Siapa lo?!” aku terkejut dengan suara bentakan dari arah pintu. Begitu
berbalik, segerombolan orang-orang berbaju almamater dengan muka galak
tahu-tahu masuk dan laki-laki yang paling depan pastilah orang yang
membentakku. Hah! Terlalu sibuk mengumpat dan sibuk membereskan barang-barang,
aku tidak sadar kapan mereka masuk dan tahu-tahu saja ruangan panitia jadi
penuh sesak begini.
“Saya
sedang menjalankan hukuman dari kak Andra, kak,” jawabku takut-takut.
“Si
Andra nyuruh lo ngapain?”
“Membersihkan
ruangan panitia, kak.”
Laki-laki
yang barusan membentakku sepertinya tidak percaya, tapi dia tidak berkata
apa-apa. “Ya udah, lanjutin sana,” katanya sambil lalu. Aku mengangguk dan
buru-buru melanjutkan hukumanku lagi. Tapi aku sempat melihat ditengah-tengah
gerombolan panitia itu, ada satu anak laki-laki berpakaian anak SMA—pastilah
dia juga maba sepertiku, namun tidak dengan atribut norak.

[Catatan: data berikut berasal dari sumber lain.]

Lemma embedding_comp {S T U : TopSpace} (e1 : S -> T) (e2 : T -> U) :
  embedding e1 -> embedding e2 -> embedding (fun s => e2 (e1 s)).
Proof.
  intros [inj1 [cont1 open1]] [inj2 [cont2 open2]]; split; [|split].
  - auto.
  - intros V HV; exact (cont1 _ (cont2 _ HV)).
  - intros W HW.
    destruct (open1 W HW) as [V [HV EV]]; destruct (open2 V HV) as [V' [HV' EV']].
    exists V'; split; auto; intro s; rewrite EV; auto.
Qed.

Lemma subspace_embedding (X : TopSpace) (P : X -> Prop) :
  @embedding (subspace X P) X (@proj1_sig _ _).
Proof.
  split; [|split].
  - intros [a ha] [b hb]; simpl; intros ->; f_equal; apply proof_irrelevance.
  - intros U HU; exists U; split; auto; tauto.
  - intros W [U [HU E]]; exists U; auto.
Qed.

Lemma embedding_corestrict {S T : TopSpace} (e : S -> T) (Q : T -> Prop)
  (hQ : forall s, Q (e s)) :
  embedding e -> @embedding S (subspace T Q) (fun s => exist Q (e s) (hQ s)).
Proof.
  intros [inj [cont open]]; split; [|split].
  - intros a b E; apply inj; exact (f_equal (@proj1_sig _ _) E).
  - intros U [U' [HU' E]]; apply (open_ext _ _ (cont U' HU')); intro s.
    rewrite (E (exist Q (e s) (hQ s))); simpl; tauto.
  - intros W HW; destruct (open W HW) as [U [HU E]].
    exists (fun q : subspace T Q => U (proj1_sig q)); split; auto.
    exists U; split; auto; tauto.
Qed.

Lemma homeomorphic_embedding (Y Z : TopSpace) : homeomorphic Y Z ->
  exists f : Y -> Z, embedding f /\ surjective f.
Proof.
  intros [f [g [gf [fg [cf cg]]]]]; exists f; split; [split; [|split]|].
  - intros a b E; rewrite <- (gf a), <- (gf b), E; auto.
  - exact cf.
  - intros W HW; exists (fun z => W (g z)); split; [apply cg; auto|].
    intro s; rewrite gf; tauto.
  - intro z; exists (g z); auto.
Qed.

Lemma homeomorphic_sym (Y Z : TopSpace) : homeomorphic Y Z -> homeomorphic Z Y.
Proof. intros [f [g [gf [fg [cf cg]]]]]; exists g, f; auto. Qed.

Lemma remove_point_is_card (X : TopSpace) (z : X) : is_card (remove_point X z) X.
Proof.
  exists z, (fun y => y), (fun y => y); repeat split; intros V HV; exact HV.
Qed.

Section EmbeddingClosedSets.
Variables (S T : TopSpace) (e : S -> T).
Hypothesis He : embedding e.

Lemma embedding_closed_trace (A : S -> Prop) :
  is_closed A -> exists A', is_closed A' /\ forall s, A s <-> A' (e s).
Proof.
  intros HA; destruct He as [_ [_ open]]; destruct (open _ HA) as [U [HU E]].
  exists (fun t => ~ U t); split; [apply closed_compl; auto|].
  intro s; rewrite <- E; split; [tauto | apply NNPP].
Qed.

Lemma embedding_closed_preimage (A : T -> Prop) :
  is_closed A -> is_closed (fun s => A (e s)).
Proof. intros HA; destruct He as [_ [cont _]]; exact (cont _ HA). Qed.
End EmbeddingClosedSets.

Arguments embedding_closed_trace {S T} e _ A _.
Arguments embedding_closed_preimage {S T} e _ A _.

Lemma closed_restrict (X : TopSpace) (P : X -> Prop) (A : X -> Prop) :
  is_closed A -> @is_closed (subspace X P) (fun s => A (proj1_sig s)).
Proof. exact (embedding_closed_preimage _ (subspace_embedding X P) A). Qed.

(** * Properties inherited along embeddings *)

Section Hereditary.
Variables (S T : TopSpace) (e : S -> T).
Hypothesis He : embedding e.

Lemma T0_embedding : T0 T -> T0 S.
Proof.
  destruct He as [inj [cont _]]; intros H x y Hxy.
  destruct (H (e x) (e y) (fun E => Hxy (inj _ _ E))) as [U [HU Hsep]].
  exists (fun s => U (e s)); auto.
Qed.

Lemma T1_embedding : T1 T -> T1 S.
Proof.
  destruct He as [inj [cont _]]; intros H x y Hxy.
  destruct (H (e x) (e y) (fun E => Hxy (inj _ _ E))) as [U [HU Hsep]].
  exists (fun s => U (e s)); auto.
Qed.

Lemma T2_embedding : T2 T -> T2 S.
Proof.
  destruct He as [inj [cont _]]; intros H x y Hxy.
  destruct (H (e x) (e y) (fun E => Hxy (inj _ _ E)))
    as [U [V [HU [HV [Ux [Vy disj]]]]]].
  exists (fun s => U (e s)), (fun s => V (e s)); repeat split; auto.
Qed.

Lemma regular_embedding : regular T -> regular S.
Proof.
  intros H A x HA Hx; destruct (embedding_closed_trace e He A HA) as [A' [HA' E]].
  destruct He as [_ [cont _]].
  destruct (H A' (e x) HA' (fun h => Hx (proj2 (E x) h)))
    as [U [V [HU [HV [AU [Vx disj]]]]]].
  exists (fun s => U (e s)), (fun s => V (e s)); repeat split; auto.
  - intros a Ha; apply AU, E, Ha.
Qed.

Lemma completely_regular_embedding : completely_regular T -> completely_regular S.
Proof.
  intros H A x HA Hx; destruct (embedding_closed_trace e He A HA) as [A' [HA' E]].
  destruct He as [_ [cont _]].
  destruct (H A' (e x) HA' (fun h => Hx (proj2 (E x) h))) as [f [cf [f01 [fx fA]]]].
  exists (fun s => f (e s)); split; [|split; [|split]]; auto.
  - intros y eps Heps; destruct (cf (e y) eps Heps) as [U [HU [Uy Hclose]]].
    exists (fun s => U (e s)); auto.
  - intros a Ha; apply fA, E, Ha.
Qed.

Lemma closed_G_delta_embedding :
  (forall A : T -> Prop, is_closed A -> G_delta A) ->
  forall A : S -> Prop, is_closed A -> G_delta A.
Proof.
  intros H A HA; destruct (embedding_closed_trace e He A HA) as [A' [HA' E]].
  destruct He as [_ [cont _]]; destruct (H A' HA') as [U [HU EU]].
  exists (fun n s => U n (e s)); split; [intro n; apply cont, HU|].
  intro x; rewrite E; apply EU.
Qed.

(* Normality is not hereditary, but it is invariant under homeomorphism. *)
Lemma normal_surjective_embedding : surjective e -> normal T -> normal S.
Proof.
  intros Hs H A B HA HB disjAB.
  destruct (embedding_closed_trace e He A HA) as [A' [HA' EA]].
  destruct (embedding_closed_trace e He B HB) as [B' [HB' EB]].
  destruct He as [_ [cont _]].
  assert (disjAB' : forall t, ~ (A' t /\ B' t)).
  { intros t [Ha Hb]; destruct (Hs t) as [s <-].
    apply (disjAB s); split; [apply EA | apply EB]; auto. }
  destruct (H A' B' HA' HB' disjAB') as [U [V [HU [HV [AU [BV disj]]]]]].
  exists (fun s => U (e s)), (fun s => V (e s)); repeat split; auto.
  - intros a Ha; apply AU, EA, Ha.
  - intros b Hb; apply BV, EB, Hb.
Qed.

Lemma T4_surjective_embedding : surjective e -> T4 T -> T4 S.
Proof.
  intros Hs [Hn H1]; split; [apply normal_surjective_embedding | apply T1_embedding]; auto.
Qed.

End Hereditary.

(* A space embedded in a T5 space is T4, being homeomorphic to its image. *)
Lemma T4_of_embedding_into_T5 {S T : TopSpace} (e : S -> T) :
  embedding e -> T5 T -> T4 S.
Proof.
  intros He H5.
  set (Q := fun t => exists s, e s = t).
  assert (hQ : forall s, Q (e s)) by (intro s; exists s; auto).
  apply (T4_surjective_embedding _ _ _ (embedding_corestrict e Q hQ He)); [|apply H5].
  intros [t [s Hs]]; exists s; subst; f_equal; apply proof_irrelevance.
Qed.

Lemma T5_T4 (Y : TopSpace) : T5 Y -> T4 Y.
Proof. exact (T4_of_embedding_into_T5 _ (embedding_id Y)). Qed.

Lemma T5_embedding {S T : TopSpace} (e : S -> T) : embedding e -> T5 T -> T5 S.
Proof.
  intros He H5 P; apply (T4_of_embedding_into_T5 (fun s : subspace S P => e (proj1_sig s))); auto.
  exact (embedding_comp _ e (subspace_embedding S P) He).
Qed.

(** * Perfectly normal spaces: the complement of a point is normal *)

Lemma normal_separate_sequence (X : TopSpace) (A B : nat -> X -> Prop) :
  normal X -> (forall n, is_closed (A n)) -> (forall n, is_closed (B n)) ->
  (forall n t, ~ (A n t /\ B n t)) ->
  exists G H : nat -> X -> Prop, forall n,
    is_open (G n) /\ is_open (H n) /\ (forall t, A n t -> G n t) /\
    (forall t, B n t -> H n t) /\ (forall t, ~ (G n t /\ H n t)).
Proof.
  intros Hn HA HB disj.
  destruct (choice (fun n (GH : (X -> Prop) * (X -> Prop)) =>
    is_open (fst GH) /\ is_open (snd GH) /\ (forall t, A n t -> fst GH t) /\
    (forall t, B n t -> snd GH t) /\ (forall t, ~ (fst GH t /\ snd GH t))))
    as [GH HGH].
  { intro n; destruct (Hn _ _ (HA n) (HB n) (disj n)) as [G [H HGH]]; exists (G, H); exact HGH. }
  exists (fun n => fst (GH n)), (fun n => snd (GH n)); exact HGH.
Qed.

Jangan Sena, itu bukan urusanmu.
Tapi,
ada satu hal yang menggelitik pikiranku—kenapa para senior itu cuek padaku, ya?
Sepenglihatanku, kalau ada yang di hukum, sekali pun sudah mendapat hukuman
dari senior, pasti senior yang lain ikut-ikutan memberi hukuman tambahan. Ya
mungkin mereka saja yang emang lagi apes dan aku sedang beruntung. “Jadi
menurut lo, ini enggak penting?!” Oke. Sepertinya aku sudah
mendapatkan jawabannya kenapa mereka tidak terlalu peduli padaku.
Anak
laki-laki itu jauh lebih bermasalah.
Sena, jangan ikut campur.
Tidak!
Suara mereka saja yang terlalu keras!
Selesaikan saja hukumanmu dan cepat pergi dari sini!
Tapi
mungkin memang hari ini sang dewi keberuntungan benar-benar sedang tidak
berpihak padaku. Begitu aku menyelesaikan tugasku dan hendak berbalik untuk
keluar dari ruangan ini, aku tersandung. Bunyi nyaring gedubrak membuat
empat kepala senior dan satu kepala maba sukses menoleh ke arahku, diiringi
derai tawa memenuhi satu ruangan. Ampun deh, ini bukan sekedar sudah jatuh
ketiban tangga, tapi ketiban godzila!!
“Makanya!
Jalan tuh, pake mata!” kata salah satu senior perempuan dengan nada super rese.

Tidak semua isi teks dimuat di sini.